→ **Exercise objective**
Please copy out the entries below exactly, beginning with the line that contains "- by apply: links; lia." and ending with the line that contains "Lemma at4_pair (t", and include nothing outside that span.

→ **Supplied entries**

Lemma day_chain_blocks (L R : nat -> term S 'I_4) i k (s : seq (term S 'I_4)) :
  (forall h, i <= h < i + k -> link false (R h) (L h.+1)) ->
  (forall h, i < h <= i + k ->
     [/\ absorbing (L h), absorbing (R h) & link true (L h) (R h)]) ->
  day_chain false (R (i + k)) s ->
  day_chain false (R i) (blocks L R i.+1 k ++ s).
Proof.
elim: k i => [|k IH] i links pairs chs; first by rewrite addn0 in chs.
have [aL aR lLR] : [/\ absorbing (L i.+1), absorbing (R i.+1) & link true (L i.+1) (R i.+1)].
  by apply: pairs; lia.
have lRL : link false (R i) (L i.+1) by apply: links; lia.
split=> //; split=> //; apply: IH => [h ?|h ?|]; last by rewrite addSnnS.
- by apply: links; lia.
- by apply: pairs; lia.
Qed.

Definition at4 (t : term S 'I_3) (v : xz) : term S 'I_4 :=
  sub3 t vx (sel v vy vz) vw.

Lemma eval_at4 (A : algebra S) (a b c d : A) (t : term S 'I_3) (v : xz) :
  eval (args4 a b c d) (at4 t v) = eval (args3 a (sel v b c) d) t.
Proof. by rewrite /at4 eval_sub3; case: v. Qed.

Lemma at4_pair (t : term S 'I_3) (v v' : xz) :
  (forall A : algebra S, model E A -> forall x y : A, eval (args3 x y x) t = x) ->
  [/\ absorbing (at4 t v), absorbing (at4 t v') & link true (at4 t v) (at4 t v')].
Proof.
move=> absorb_t; split=> [A HA x y|A HA x y|A HA x y w];
  by rewrite ?/link_env !eval_at4 !sel_id ?absorb_t.
Qed.

End DayChains.
Arguments vx {S}.
Arguments vy {S}.
Arguments vz {S}.
Arguments vw {S}.

Definition ternary_chain (S : signature) (E : identities S) (n : nat)
  (t : nat -> term S 'I_3) (l r : nat -> xz) : Prop :=
  [/\ forall A : algebra S, model E A -> forall x z : A,
        x = eval (args3 x (sel (l 1) x z) z) (t 1),
      forall h, 1 <= h -> h < n.-1 ->
        forall A : algebra S, model E A -> forall x z : A,
          eval (args3 x (sel (r h) x z) z) (t h)
          = eval (args3 x (sel (l h.+1) x z) z) (t h.+1)
    & forall A : algebra S, model E A -> forall x z : A,
        eval (args3 x (sel (r n.-1) x z) z) (t n.-1) = z].

Section ChainToDayTerms.
Variables (S : signature) (E : identities S) (n : nat)
  (t : nat -> term S 'I_3) (l r : nat -> xz).
Hypothesis n_ge2 : 2 <= n.
Hypothesis chain : ternary_chain E n t l r.

Local Notation L h := (at4 (t h) (l h)).
Local Notation R h := (at4 (t h) (r h)).

(* [rights0] follows the convention t_0 = x; [rights1] puts t_1(x,r_1,z) in
   place of t_1(x,r_1,w). *)
Definition rights0 (h : nat) : term S 'I_4 := if h is 0 then vx else R h.
Definition right_first : term S 'I_4 := sub3 (t 1) vx (sel (r 1) vy vz) vz.
Definition rights1 (h : nat) : term S 'I_4 := if h is 1 then right_first else R h.
Definition left_last : term S 'I_4 := sub3 (t n.-1) vy (sel (l n.-1) vy vz) vw.

Lemma link_rights0 h : h < n.-1 -> link E false (rights0 h) (L h.+1).
Proof.
have [first step _] := chain.
case: h => [|h] lt_h A HA x y w; rewrite /link_env /= !eval_at4; first exact: first.
exact: step.
Qed.

Lemma link_rights1 h : 1 <= h < n.-1 -> link E false (rights1 h) (L h.+1).
Proof.
have [_ step _] := chain.
case: h => [|[|h]] // /andP[_ lt_h] A HA x y w; rewrite /link_env /= !eval_at4.
- by rewrite eval_sub3 eval_sel; exact: step.
- exact: step.
Qed.

Lemma day_chain_left_last p :
  r n.-1 = VX -> link E false p (L n.-1) -> day_chain E false p [:: left_last; vw].
Proof.
have [_ _ last] := chain => rX lpL.
have eval_left_last A : model E A -> forall x y c : A,
    eval (args4 x y y c) left_last = c.
  move=> HA x y c; rewrite eval_sub3 eval_sel /= sel_id.
  by move: (last _ HA y c); rewrite rX.
split; [|by move=> A HA x y; apply: eval_left_last|].
- apply: link_trans lpL _ => A HA x y w.
  by rewrite /link_env /= eval_at4 eval_sub3 eval_sel.
- by split=> // A HA x y w; rewrite /link_env eval_left_last.
Qed.

Lemma modular_of_chain : absorbs E t 1 n.-1 -> m_modular E (2 * n - 1).
Proof.
move=> absorb.
have -> : 2 * n - 1 = size (blocks (fun h => L h) rights0 1 n.-1 ++ [:: vw]).
  by rewrite size_cat size_blocks /=; lia.
apply: m_modular_of_day_chain; last by rewrite last_cat.
apply: (@day_chain_blocks _ _ _ _ 0) => [h ?|[|h] //= ?|].
- by apply: link_rights0; lia.
- by apply: at4_pair; apply: absorb; lia.
- have [_ _ last] := chain.
  have -> : rights0 (0 + n.-1) = R n.-1 by case def_m : n.-1 => //; lia.
  by split=> // A HA x y w; rewrite /link_env eval_at4 last.
Qed.

Lemma modular_of_chain_rx :
  r n.-1 = VX -> absorbs E t 1 (n - 2) -> m_modular E (2 * n - 2).
Proof.
move=> rX absorb.
have -> : 2 * n - 2 = size (blocks (fun h => L h) rights0 1 (n - 2) ++ [:: left_last; vw]).
  by rewrite size_cat size_blocks /=; lia.
apply: m_modular_of_day_chain; last by rewrite last_cat.
apply: (@day_chain_blocks _ _ _ _ 0) => [h ?|[|h] //= ?|].
- by apply: link_rights0; lia.
- by apply: at4_pair; apply: absorb; lia.
- apply: day_chain_left_last => //; have -> : n.-1 = (n - 2).+1 by lia.
  by apply: link_rights0; lia.
Qed.

Lemma reversed_modular_of_chain : 3 <= n -> l 1 = VZ -> r n.-1 = VX ->
  absorbs E t 2 (n - 2) -> m_reversed_modular E (2 * n - 3).
Proof.
move=> n_ge3 lZ rX absorb; have [first _ _] := chain.
have eval_right_first A : model E A -> forall x y c : A,
    eval (args4 x y y c) right_first = x.
  move=> HA x y c; rewrite eval_sub3 eval_sel /= sel_id.
  by move: (first _ HA x y); rewrite lZ.
have -> : 2 * n - 3 =
    size (right_first :: blocks (fun h => L h) rights1 2 (n - 3) ++ [:: left_last; vw]).
  by rewrite /= size_cat size_blocks /=; lia.
apply: m_reversed_modular_of_day_chain; last by rewrite /= last_cat.
split=> [A HA x y w|A HA x y|]; rewrite ?/link_env ?eval_right_first //.
apply: (@day_chain_blocks _ _ _ _ 1) => [h ?|[|[|h]] //= ?|].
- by apply: link_rights1; lia.
- by apply: at4_pair; apply: absorb; lia.
- apply: day_chain_left_last => //; have -> : n.-1 = (1 + (n - 3)).+1 by lia.
  by apply: link_rights1; lia.
Qed.

End ChainToDayTerms.

Definition flip3 (S : signature) (t : term S 'I_3) : term S 'I_3 :=
  sub3 t (Var (@Ordinal 3 2 isT)) (Var (@Ordinal 3 1 isT)) (Var (@Ordinal 3 0 isT)).

Lemma eval_flip3 (S : signature) (A : algebra S) (a b c : A) (t : term S 'I_3) :
  eval (args3 a b c) (flip3 t) = eval (args3 c b a) t.
Proof. by rewrite eval_sub3. Qed.

Definition swap_xz (v : xz) : xz := if v is VX then VZ else VX.

Lemma sel_swap_xz (T : Type) (v : xz) (a b : T) : sel (swap_xz v) a b = sel v b a.
Proof. by case: v. Qed.

Section ReversedChain.
Variables (S : signature) (E : identities S) (n : nat)
  (t : nat -> term S 'I_3) (l r : nat -> xz).

Local Notation t' := (fun h => flip3 (t (n - h))).
Local Notation l' := (fun h => swap_xz (r (n - h))).
Local Notation r' := (fun h => swap_xz (l (n - h))).

Lemma ternary_chain_rev : 2 <= n -> ternary_chain E n t l r -> ternary_chain E n t' l' r'.
Proof.
move=> n_ge2 [first step last]; split=> [A HA x z|h h_ge1 h_lt A HA x z|A HA x z];
  rewrite !eval_flip3 !sel_swap_xz.
- by rewrite subn1 last.
- have -> : n - h = (n - h.+1).+1 by lia.
  by symmetry; apply: step => //; lia.
- have -> : n - n.-1 = 1 by lia.
  by rewrite -first.
Qed.

Lemma absorbs_rev lo hi : lo <= n -> absorbs E t lo hi -> absorbs E t' (n - hi) (n - lo).
Proof.
by move=> lo_le_n absorb h hi_le lo_le A HA x y; rewrite eval_flip3 absorb //; lia.
Qed.

End ReversedChain.

Lemma modular_of_chain_lz (S : signature) (E : identities S) (n : nat)
  (t : nat -> term S 'I_3) (l r : nat -> xz) :
  2 <= n -> ternary_chain E n t l r ->
  l 1 = VZ -> absorbs E t 2 n.-1 -> m_modular E (2 * n - 2).
Proof.
move=> n_ge2 chain lZ absorb.
apply: (modular_of_chain_rx n_ge2 (ternary_chain_rev n_ge2 chain)).
- have -> : n - n.-1 = 1 by lia.
  by rewrite lZ.
- have := absorbs_rev n_ge2 absorb.
  by have -> : n - n.-1 = 1 by lia.
Qed.

Theorem corollary7p11 (S : signature) (E : identities S) (n : nat)
  (t : nat -> term S 'I_3) (l r : nat -> xz) :
  2 <= n ->
  (forall A : algebra S, model E A -> forall x z : A,
     x = eval (args3 x (sel (l 1) x z) z) (t 1)) ->
  (forall h, 1 <= h -> h < n.-1 ->
     forall A : algebra S, model E A -> forall x z : A,
       eval (args3 x (sel (r h) x z) z) (t h)
       = eval (args3 x (sel (l h.+1) x z) z) (t h.+1)) ->
  (forall A : algebra S, model E A -> forall x z : A,
     eval (args3 x (sel (r n.-1) x z) z) (t n.-1) = z) ->
  (absorbs E t 1 n.-1 -> m_modular E (2 * n - 1)) /\
  (l 1 = VZ -> absorbs E t 2 n.-1 -> m_modular E (2 * n - 2)) /\
  (r n.-1 = VX -> absorbs E t 1 (n - 2) -> m_modular E (2 * n - 2)) /\
  (3 <= n -> l 1 = VZ -> r n.-1 = VX -> absorbs E t 2 (n - 2) ->
     m_reversed_modular E (2 * n - 3)).
Proof.
move=> n_ge2 first step last.
have chain : ternary_chain E n t l r by split.
split; [|split; [|split]].
- exact: modular_of_chain n_ge2 chain.
- exact: modular_of_chain_lz n_ge2 chain.
- exact: modular_of_chain_rx n_ge2 chain.
- exact: reversed_modular_of_chain n_ge2 chain.
Qed.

→ **Exercise output**
- by apply: links; lia.
- by apply: pairs; lia.
Qed.

Definition at4 (t : term S 'I_3) (v : xz) : term S 'I_4 :=
  sub3 t vx (sel v vy vz) vw.

Lemma eval_at4 (A : algebra S) (a b c d : A) (t : term S 'I_3) (v : xz) :
  eval (args4 a b c d) (at4 t v) = eval (args3 a (sel v b c) d) t.
Proof. by rewrite /at4 eval_sub3; case: v. Qed.

Lemma at4_pair (t : term S 'I_3) (v v' : xz) :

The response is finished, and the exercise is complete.